プリウスαには従来からのニッケル水素電池と、トヨタ・ハイブリッドカーとしては初めて採用したリチウムイオン電池の2種類が存在します。コスト的には前者が、スペース的には後者が有利という、それぞれの特徴によって使い分けているもので、5人乗り仕様にはニッケル水素電池が、7人乗り仕様にはリチウムイオン電池が採用されています。
ニッケル水素電池は少々スペースを食うものの、とにかくコストに有利なことがメリット。つまり、バッテリーの違いは車両価格にも影響しているはずで、一説にはバッテリーの違いで倍近いコストアップにつながっているというウワサもあり。
もっとも原価レベルでのコストと、実際の価格差は異なる部分もありますが、リチウムイオン電池の7人乗り仕様を購入したユーザーは、どれほどバッテリー代として多めに払っているのかは気になるところであります。

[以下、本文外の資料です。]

(* Under the hypotheses of the FTRL regret setting in the context (non-negative losses $\ell_k\in\mathbb R^A$; $0<\alpha_1\le1$, $\eta_1=\eta_2(1-\alpha_1)$; for $k\ge2$, $0<\alpha_k<1$ and $0<\eta_{k+1}(1-\alpha_k)\le\eta_k$), define for $k\ge1$ the auxiliary distribution $\pi_{k+1}^-(a)=\exp(-\widehat\eta_kL_k(a))/\sum_{a'}\exp(-\widehat\eta_kL_k(a'))$. Then for every $n\ge1$, $$R_n\le\sum_{k=1}^n\alpha_k^n\langle\pi_k-\pi_{k+1}^-,\ell_k\rangle+\frac{\log A}{\eta_{n+1}}.$$
   Context: Online weighted linear optimization over $\mathcal A=\{1,\dots,A\}$: given $\{\alpha_k\}\subset(0,1]$, let $\alpha_i^k=\alpha_i\prod_{j=i+1}^k(1-\alpha_j)$ for $i<k$, $\alpha_k^k=\alpha_k$. Define $L_0=0$ and $L_k=(1-\alpha_k)L_{k-1}+\alpha_k\ell_k=\sum_{i=1}^k\alpha_i^k\ell_i$. FTRL iterates: $\pi_k(a)=\exp(-\eta_kL_{k-1}(a))/\sum_{a'}\exp(-\eta_kL_{k-1}(a'))$, $k\ge1$. $\widehat\eta_1=\eta_2$ and $\widehat\eta_k=\eta_k/(1-\alpha_k)$ for $k>1$. Regret: $R_n=\max_{a}\{\sum_{k=1}^n\alpha_k^n\langle\pi_k,\ell_k\rangle-\sum_{k=1}^n\alpha_k^n\ell_k(a)\}$. *)

From mathcomp Require Import all_boot all_order all_algebra.
From mathcomp Require Import all_classical all_reals.
From mathcomp.analysis Require Import sequences exp.
Set Implicit Arguments. Unset Strict Implicit. Unset Printing Implicit Defensive.
Import Order.TTheory GRing.Theory Num.Theory.
Local Open Scope ring_scope.

(* Actions are 'I_A (= {1,...,A} shifted to {0,...,A-1}).
   Rounds are indexed by nat starting at 1: alpha k, eta k, ell k for k >= 1. *)

Definition wgt (R : realType) (alpha : nat -> R) (i k : nat) : R :=
  alpha i * \prod_(i.+1 <= j < k.+1) (1 - alpha j).

Fixpoint cumloss (R : realType) (A : nat) (alpha : nat -> R)
    (ell : nat -> 'I_A -> R) (k : nat) (a : 'I_A) : R :=
  match k with
  | 0 => 0
  | k'.+1 => (1 - alpha k) * cumloss alpha ell k' a + alpha k * ell k a
  end.

Definition dot (R : realType) (A : nat) (p l : 'I_A -> R) : R :=
  \sum_(a < A) p a * l a.

Definition softmax (R : realType) (A : nat) (e : R) (L : 'I_A -> R) (a : 'I_A) : R :=
  expR (- (e * L a)) / \sum_(b < A) expR (- (e * L b)).

Definition ftrl_pi (R : realType) (A : nat) (alpha eta : nat -> R)
    (ell : nat -> 'I_A -> R) (k : nat) : 'I_A -> R :=
  softmax (eta k) (cumloss alpha ell k.-1).

Definition etahat (R : realType) (alpha eta : nat -> R) (k : nat) : R :=
  if k == 1%N then eta 2%N else eta k / (1 - alpha k).

Definition pi_minus_next (R : realType) (A : nat) (alpha eta : nat -> R)
    (ell : nat -> 'I_A -> R) (k : nat) : 'I_A -> R :=
  softmax (etahat alpha eta k) (cumloss alpha ell k).

Definition maxs (R : realType) (s : seq R) : R :=
  \big[Num.max/head 0 s]_(x <- s) x.

Definition regret (R : realType) (A : nat) (alpha eta : nat -> R)
    (ell : nat -> 'I_A -> R) (n : nat) : R :=
  maxs [seq (\sum_(1 <= k < n.+1) wgt alpha k n * dot (ftrl_pi alpha eta ell k) (ell k))
            - (\sum_(1 <= k < n.+1) wgt alpha k n * ell k a) | a <- enum 'I_A].

From mathcomp Require Import all_boot all_order all_algebra.
From mathcomp Require Import all_classical all_reals.
From mathcomp.analysis Require Import sequences exp.
From mathcomp Require Import ring lra.
Import Order.TTheory GRing.Theory Num.Theory.
Local Open Scope ring_scope.
Set Implicit Arguments. Unset Strict Implicit.

(* A "be the leader" argument with the entropic regulariser.  The potential
   [Phi(e, L) = (ln A - ln sum_a exp(-e L(a))) / e] is, by the Gibbs variational
   principle, the minimum over distributions p of [<p, L> + (H(p) + ln A) / e]
   (H the negative entropy), attained at softmax(e, L).  Evaluating the minimum
   defining Phi(hat eta_k, L_k) at pi^-_{k+2} and using L_{k+1} = (1 - alpha) L_k
   + alpha ell and (1 - alpha) hat eta_{k+1} = eta_{k+1} <= hat eta_k gives
   (1 - alpha) Phi_k + alpha <pi^-_{k+2}, ell_{k+1}> <= Phi_{k+1}, so the weighted
   sum of the <pi^-_{k+1}, ell_k> is at most Phi_n <= L_n(a) + ln A / eta_{n+1}. *)

Lemma ln_le_sub1 (R : realType) (x : R) : 0 < x -> ln x <= x - 1.
Proof.
move=> x_gt0; have := @le_ln1Dx R (x - 1).
rewrite addrCA subrr addr0; apply; lra.
Qed.

Section Gibbs.
Variables (R : realType) (A : nat).
Implicit Types (p q L l : 'I_A -> R) (e : R).

Definition negent p : R := \sum_(a < A) p a * ln (p a).

Definition partition e L : R := \sum_(b < A) expR (- (e * L b)).

Definition potential e L : R := (ln A%:R - ln (partition e L)) / e.

Lemma cross_negent_le p q :
  (forall a, 0 < p a) -> (forall a, 0 < q a) ->
  \sum_(a < A) p a = 1 -> \sum_(a < A) q a = 1 ->
  \sum_(a < A) p a * ln (q a) <= negent p.
Proof.
move=> p_gt0 q_gt0 p_sum q_sum.
rewrite -subr_ge0 /negent -sumrB.
apply: (@le_trans _ _ (\sum_(a < A) (p a - q a))); first by rewrite sumrB p_sum q_sum subrr.
apply: ler_sum => a _; have pa_gt0 := p_gt0 a.
have := ln_le_sub1 (divr_gt0 (q_gt0 a) pa_gt0); rewrite ln_div ?posrE // => ln_le.
have := ler_wpM2l (ltW pa_gt0) ln_le.
rewrite !mulrBr mulr1 mulrCA divff ?mulr1 ?gt_eqF //; lra.
Qed.

Lemma dot_comb p L l (c d : R) :
  dot p (fun b => c * L b + d * l b) = c * dot p L + d * dot p l.
Proof. by rewrite /dot !mulr_sumr -big_split; apply: eq_bigr => a _ /=; ring. Qed.

Lemma dotBl p q l : dot (fun a => p a - q a) l = dot p l - dot q l.
Proof. by rewrite /dot -sumrB; apply: eq_bigr => a _; rewrite mulrBl. Qed.

Hypothesis A_gt0 : (0 < A)%N.

Lemma partition_gt0 e L : 0 < partition e L.
Proof.
rewrite /partition (bigD1 (Ordinal A_gt0)) //= ltr_pwDl ?expR_gt0 //.
by apply: sumr_ge0 => b _; rewrite ltW ?expR_gt0.
Qed.

Lemma softmax_gt0 e L a : 0 < softmax e L a.
Proof. by rewrite divr_gt0 ?expR_gt0 ?partition_gt0. Qed.

Lemma sum_softmax e L : \sum_(a < A) softmax e L a = 1.
Proof. by rewrite -mulr_suml divff ?gt_eqF ?partition_gt0. Qed.

Lemma cross_softmax p e L : \sum_(a < A) p a = 1 ->
  \sum_(a < A) p a * ln (softmax e L a) = - (e * dot p L) - ln (partition e L).
Proof.
move=> p_sum; under eq_bigr => a _.
  rewrite ln_div ?posrE ?expR_gt0 ?partition_gt0 // expRK mulrBr.
  over.
rewrite sumrB -mulr_suml p_sum mul1r /dot mulr_sumr -sumrN.
by congr (_ - _); apply: eq_bigr => a _; ring.
Qed.

Lemma potential_eq p e L : 0 < e -> \sum_(a < A) p a = 1 ->
  dot p L + (negent p + ln A%:R) / e =
  potential e L + (negent p - \sum_(a < A) p a * ln (softmax e L a)) / e.
Proof. by move=> e_gt0 p_sum; rewrite cross_softmax // /potential; field; rewrite gt_eqF. Qed.

Lemma potential_le p e L : 0 < e -> (forall a, 0 < p a) -> \sum_(a < A) p a = 1 ->
  potential e L <= dot p L + (negent p + ln A%:R) / e.
Proof.
move=> e_gt0 p_gt0 p_sum; rewrite potential_eq // lerDl.
apply: divr_ge0; last exact: ltW.
by rewrite subr_ge0; apply: cross_negent_le => // [a|]; rewrite ?softmax_gt0 ?sum_softmax.
Qed.

Lemma potential_softmax e L : 0 < e ->
  potential e L = dot (softmax e L) L + (negent (softmax e L) + ln A%:R) / e.
Proof. by move=> e_gt0; rewrite potential_eq ?sum_softmax // subrr mul0r addr0. Qed.

Lemma negent_lnA_ge0 p : (forall a, 0 < p a) -> \sum_(a < A) p a = 1 ->
  0 <= negent p + ln A%:R.
Proof.
move=> p_gt0 p_sum; have A_pos : 0 < A%:R :> R by rewrite ltr0n.
have unif_gt0 : 0 < A%:R^-1 :> R by rewrite invr_gt0.
have := @cross_negent_le p (fun=> A%:R^-1) p_gt0 (fun=> unif_gt0) p_sum.
rewrite -mulr_suml p_sum mul1r lnV ?posrE // sumr_const card_ord.
by rewrite -[_ *+ A]mulr_natr mulVf ?gt_eqF // -subr_ge0 opprK; apply.
Qed.

Lemma dot_softmax_le_potential e L : 0 < e -> dot (softmax e L) L <= potential e L.
Proof.
move=> e_gt0; rewrite potential_softmax // lerDl; apply: divr_ge0; last exact: ltW.
by apply: negent_lnA_ge0 => [a|]; rewrite ?softmax_gt0 ?sum_softmax.
Qed.

Lemma potential_le_loss e L a : 0 < e -> potential e L <= L a + ln A%:R / e.
Proof.
move=> e_gt0; rewrite /potential mulrBl addrC lerD2r -mulNr ler_pdivrMr // mulrC lerNl.
rewrite -[X in X <= _]expRK ler_ln ?posrE ?expR_gt0 ?partition_gt0 //.
rewrite /partition (bigD1 a) //= lerDl.
by apply: sumr_ge0 => b _; rewrite ltW ?expR_gt0.
Qed.

Lemma potential_mix e e' (a : R) L l : 0 < e -> 0 < e' -> a <= 1 ->
  (1 - a) * e' <= e ->
  (1 - a) * potential e L + a * dot (softmax e' (fun b => (1 - a) * L b + a * l b)) l
    <= potential e' (fun b => (1 - a) * L b + a * l b).
Proof.
set M := fun b => _; set p := softmax e' M => e_gt0 e'_gt0 a_le1 e'_le.
have X_ge0 : 0 <= negent p + ln A%:R.
  by apply: negent_lnA_ge0 => [b|]; rewrite ?softmax_gt0 ?sum_softmax.
have rate_le : (1 - a) * ((negent p + ln A%:R) / e) <= (negent p + ln A%:R) / e'.
  rewrite mulrA ler_pdivrMr //.
  have -> : (1 - a) * (negent p + ln A%:R) = (negent p + ln A%:R) / e' * ((1 - a) * e').
    by field; rewrite gt_eqF.
  by rewrite ler_wpM2l // divr_ge0 // ltW.
rewrite [potential e' _]potential_softmax // -/p /M dot_comb addrAC lerD2r.
apply: le_trans (lerD (lexx _) rate_le); rewrite -mulrDr; apply: ler_wpM2l; first lra.
exact: potential_le (fun b => softmax_gt0 _ _ b) (sum_softmax _ _).
Qed.

End Gibbs.

Lemma wgt_diag (R : realType) (alpha : nat -> R) n : wgt alpha n n = alpha n.
Proof. by rewrite /wgt big_geq // mulr1. Qed.

Lemma wsumS (R : realType) (alpha : nat -> R) (f : nat -> R) n :
  \sum_(1 <= k < n.+2) wgt alpha k n.+1 * f k =
  (1 - alpha n.+1) * \sum_(1 <= k < n.+1) wgt alpha k n * f k + alpha n.+1 * f n.+1.
Proof.
rewrite big_nat_recr //= wgt_diag mulr_sumr; congr (_ + _).
apply: eq_big_nat => k /andP [_ le_kn].
by rewrite /wgt big_nat_recr //=; ring.
Qed.

Lemma cumloss_wsum (R : realType) (A : nat) (alpha : nat -> R)
    (ell : nat -> 'I_A -> R) n a :
  cumloss alpha ell n a = \sum_(1 <= k < n.+1) wgt alpha k n * ell k a.
Proof. by elim: n => [|n IHn]; [rewrite big_geq | rewrite wsumS -IHn]. Qed.

Lemma maxs_le (R : realType) (s : seq R) (B : R) :
  s != [::] -> (forall x, x \in s -> x <= B) -> maxs s <= B.
Proof.
case: s => [//|x s] _ s_le; rewrite /maxs big_seq.
apply: (big_ind (fun z => z <= B)) => [|u v|y]; first by rewrite s_le ?mem_head.
  by rewrite ge_max => -> ->.
exact: s_le.
Qed.

Lemma regret_le_wsum_dotB (R : realType) (A : nat) (alpha eta : nat -> R)
    (ell q : nat -> 'I_A -> R) (n : nat) (B : R) : (0 < A)%N ->
  (forall a, \sum_(1 <= k < n.+1) wgt alpha k n * dot (q k) (ell k)
               <= \sum_(1 <= k < n.+1) wgt alpha k n * ell k a + B) ->
  regret alpha eta ell n <=
    \sum_(1 <= k < n.+1) wgt alpha k n *
      dot (fun a => ftrl_pi alpha eta ell k a - q k a) (ell k) + B.
Proof.
move=> A_gt0 q_le; apply: maxs_le => [|_ /mapP [a _ ->]].
  by rewrite -size_eq0 size_map size_enum_ord -lt0n.
under [X in _ <= X + _]eq_bigr => k _ do rewrite dotBl mulrBr.
by rewrite sumrB; have := q_le a; lra.
Qed.

Section BeTheLeader.
Variables (R : realType) (A : nat) (alpha eta : nat -> R) (ell : nat -> 'I_A -> R).
Hypothesis A_gt0 : (0 < A)%N.
Hypothesis alpha_le1 : forall k, (2 <= k)%N -> alpha k <= 1.
Hypothesis eta_etahat : forall k, (1 <= k)%N -> 0 < eta k.+1 <= etahat alpha eta k.

Local Notation L := (cumloss alpha ell).
Local Notation P := (pi_minus_next alpha eta ell).
Local Notation eh := (etahat alpha eta).

Lemma etahat_gt0 k : (1 <= k)%N -> 0 < eh k.
Proof. by move=> /eta_etahat /andP [/lt_le_trans]; apply. Qed.

Lemma wsum_pi_minus_le_potential m : (1 <= m)%N ->
  \sum_(1 <= k < m.+1) wgt alpha k m * dot (P k) (ell k) <= potential (eh m) (L m).
Proof.
elim: m => [//|[_ _|m IHm _]].
  have dot_L1 : dot (P 1) (L 1) = alpha 1 * dot (P 1) (ell 1).
    by rewrite dot_comb {1}/dot big1 ?mulr0 ?add0r // => a _; rewrite mulr0.
  by rewrite big_nat1 wgt_diag -dot_L1 dot_softmax_le_potential ?etahat_gt0.
have eh_succ : eh m.+2 = eta m.+2 / (1 - alpha m.+2) by [].
have eh1_gt0 := etahat_gt0 (isT : (1 <= m.+1)%N).
have eh2_gt0 := etahat_gt0 (isT : (1 <= m.+2)%N).
have alpha2_le1 := alpha_le1 (isT : (2 <= m.+2)%N).
have rate_le : (1 - alpha m.+2) * eh m.+2 <= eh m.+1.
  have /andP [_ eta_le] := eta_etahat (isT : (1 <= m.+1)%N).
  rewrite eh_succ mulrC divfK // subr_eq0.
  apply: contraTneq eh2_gt0 => alpha_eq1.
  by rewrite eh_succ -alpha_eq1 subrr invr0 mulr0 ltxx.
apply: le_trans (potential_mix A_gt0 _ _ eh1_gt0 eh2_gt0 alpha2_le1 rate_le).
by rewrite wsumS lerD2r ler_wpM2l ?IHm // subr_ge0.
Qed.

End BeTheLeader.

Lemma eta_succ_le_etahat (R : realType) (alpha eta : nat -> R) :
  (forall k, (2 <= k)%N -> 0 < alpha k < 1) ->
  (forall k, (2 <= k)%N -> 0 < eta k.+1 * (1 - alpha k) <= eta k) ->
  forall k, (1 <= k)%N -> 0 < eta k.+1 <= etahat alpha eta k.
Proof.
move=> alpha_in eta_dec [//|[_|k _]].
  by have /andP [pos le] := eta_dec 2%N isT; rewrite /etahat /= lexx (lt_le_trans pos le).
have /andP [_ alpha_lt1] := alpha_in k.+2 isT.
have one_sub_gt0 : 0 < 1 - alpha k.+2 by rewrite subr_gt0.
have /andP [pos le] := eta_dec k.+2 isT.
by rewrite /etahat /= ler_pdivlMr // le -(pmulr_lgt0 _ one_sub_gt0) pos.
Qed.

Theorem mainTheorem3 (R : realType) (A : nat) (alpha eta : nat -> R)
    (ell : nat -> 'I_A -> R) :
  (0 < A)%N ->
  (forall k a, (1 <= k)%N -> 0 <= ell k a) ->
  0 < alpha 1%N <= 1 ->
  eta 1%N = eta 2%N * (1 - alpha 1%N) ->
  (forall k, (2 <= k)%N -> 0 < alpha k < 1) ->
  (forall k, (2 <= k)%N -> 0 < eta k.+1 * (1 - alpha k) <= eta k) ->
  forall n : nat, (1 <= n)%N ->
    regret alpha eta ell n <=
      \sum_(1 <= k < n.+1) wgt alpha k n *
          dot (fun a => ftrl_pi alpha eta ell k a - pi_minus_next alpha eta ell k a) (ell k)
      + ln (A%:R) / eta n.+1.
Proof.
(* Neither the sign of the losses nor alpha_1 <= 1 nor the value of eta_1 is needed. *)
move=> A_gt0 _ _ _ alpha_in eta_dec n n_ge1.
have eta_eh := eta_succ_le_etahat alpha_in eta_dec.
have alpha_le1 k : (2 <= k)%N -> alpha k <= 1.
  by move=> /alpha_in /andP [_ /ltW].
have /andP [eta_gt0 eta_le] := eta_eh n n_ge1.
apply: regret_le_wsum_dotB => // a; rewrite -cumloss_wsum.
apply: le_trans (wsum_pi_minus_le_potential ell A_gt0 alpha_le1 eta_eh n_ge1) _.
apply: le_trans (potential_le_loss A_gt0 _ a (etahat_gt0 eta_eh n_ge1)) _.
rewrite lerD2l ler_pdivrMr ?(lt_le_trans eta_gt0) // mulrAC ler_pdivlMr //.
by rewrite ler_wpM2l ?ln_ge0 ?ler1n.
Qed.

具体的に、同じGグレードで比較すると5人乗りが280万円、7人乗りが300万円の希望小売価格となっています。装備の違いが、3列目シートとバッテリーだけだとすると、シート代とバッテリー差額の合計が20万円になるといえるわけ。
では、この20万円においてシート代とバッテリー差額の比率はいかほどでしょうか。
そこで、3列目シートの有無による価格差を他のクルマで確認してみましょう。
ちょうどいい例として、マークXジオ240をピックアップ。こちらは7人乗りが263万円、5人乗りが247万円となっています。これを単純にシートの差だとして考えると、3列目シートのお代は16万円。
二人乗りのシートだけで16万円というのは高く見えるかもしれませんが、シートだけでなくシートベルトも必要ですから、この金額で妥当だと考えましょう。
そして、3列目シートによる売価のアップが16万円で、これがトヨタのワゴンにおける基準だと仮定すれば、プリウスαにおけるニッケル水素電池とリチウムイオン電池のコスト差は、売価において4万円に相当する違いでしかないってことになります。安すぎる?!
これは数字遊びの計算ですが、それくらいバッテリーの違いによるコスト差を解消するよう工夫されているということ。リチウムイオン電池だから20万円も高くなっている! わけではないのです。